(Read only when safe. A lot of emotions from a POV of someone who's close to the person who has a problem with self-harm. I'm looking for an advice because I really want to help, so your ideas could be useful).
At the beginning I have to say that I used to cut so that's not an unknown thing for me. What's new is that having a problem is completely different than helping someone with the same problem.
I have a friend. She cuts herself. For a long time we dealt with that together. I was just trying to be around that she would trust me enough to know that she can always turn to me first before anything will happen. It worked. She even decided to promise me that she will come and talk first. We had dozens of nervous moments but as a result she didn't cut for months.
It worked. Until it didn't.
One day I did my best but it wasn't enough. She - kinda - did it almost in front of me. She locked herself in a bathroom so I knew what's going on. I tried to get in, begging her to open the door and stop. Then I've heard that there's no need to beg and waste my breath because it's already done.

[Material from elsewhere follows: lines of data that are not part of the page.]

Lemma decomposition_transpose {V I : Type} (adj : V -> V -> Prop) (adjH : I -> I -> Prop)
    (VG : I -> V -> Prop) (EG : I -> V -> V -> Prop) :
  graph_decomposition adj adjH VG EG -> point_finite VG -> honest adjH VG ->
  (forall h, connected_part VG EG h) -> finite_decomposition adjH adj VG.
Proof.
  intros [EG_sub _] hpf hhon hconn. split; auto.
  - intro h. apply hconn.
  - intros h u v Vu Vv. apply (conn_in_mono V (EG h) adj (VG h)); auto.
    + intros x y _ _ Exy. apply (EG_sub h x y Exy).
    + apply hconn; assumption.
Qed.

Theorem lemma3p5 (V I : Type) (adj : V -> V -> Prop) (adjH : I -> I -> Prop)
    (VG : I -> V -> Prop) (EG : I -> V -> V -> Prop)
    (hG : simple_graph adj) (hH : simple_graph adjH)
    (hD : graph_decomposition adj adjH VG EG)
    (hpf : point_finite VG) (hhon : honest adjH VG)
    (hfin : forall h, finite_part VG h) (hconn : forall h, connected_part VG EG h) :
  (forall f, direction adj f -> direction adjH (g_of adjH VG f)) /\
  (forall f f', direction adj f -> direction adj f' ->
     dir_equiv (g_of adjH VG f) (g_of adjH VG f') -> dir_equiv f f') /\
  (forall g, direction adjH g ->
     exists f, direction adj f /\ dir_equiv (g_of adjH VG f) g).
Proof.
  pose proof (decomposition_parts adj adjH VG EG hD hfin) as hM.
  pose proof (decomposition_transpose adj adjH VG EG hD hpf hhon hconn) as hMt.
  destruct hG as [adj_sym _], hH as [adjH_sym _].
  split; [| split].
  - intros f hf. exact (induced_direction V I adj adjH _ adjH_sym hM f hf).
  - intros f f' hf hf' hgg' X hX v.
    rewrite <- (induced_transpose_induced adj adjH _ f adj_sym adjH_sym hM hMt hf X hX v),
            <- (induced_transpose_induced adj adjH _ f' adj_sym adjH_sym hM hMt hf' X hX v).
    apply (induced_equiv adj VG _ _ (decomposition_finite _ _ _ hMt) hgg' X hX v).
  - intros g hg. exists (induced adj VG g). split.
    + exact (induced_direction I V adjH adj VG adj_sym hMt g hg).
    + exact (induced_transpose_induced adjH adj VG g adjH_sym adj_sym hMt hM hg).
Qed.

It was shocking. Truly shocking. For a moment I stopped feeling anything like somebody would hit me in the head. Everything went quiet. I - finally - mechanically opened that door, grabbed her and tried to take care of the situation. She kept asking "will you say anything, just say something, why are you silent" but I just couldn't find any word in my mind. That's when she started to apologize. I said that "there's no need to apologize me - forgive yourself". She said that she's sorry that she did it in front of me - she didn't want me to watch but she promised to talk first - so she was stuck.
Since that time I'm afraid that it's gonna happen again. I've got a feeling that I've had to let her down somehow and that's why did it happen. I feel responsible for that. And guilty. I find it really trigerring to me to talk with her about the problem now. Also - I'm not sure if she will come to me again. What if she'll decide to protect me and keep it to herself? I don't want her to be alone with that. I know how it's like to be alone...
Is that my fault? What did I do wrong? What more could I do than to be around? How to react for a failure? It just knocked me down.
Just a few questions: how to help? What to do if it don't work?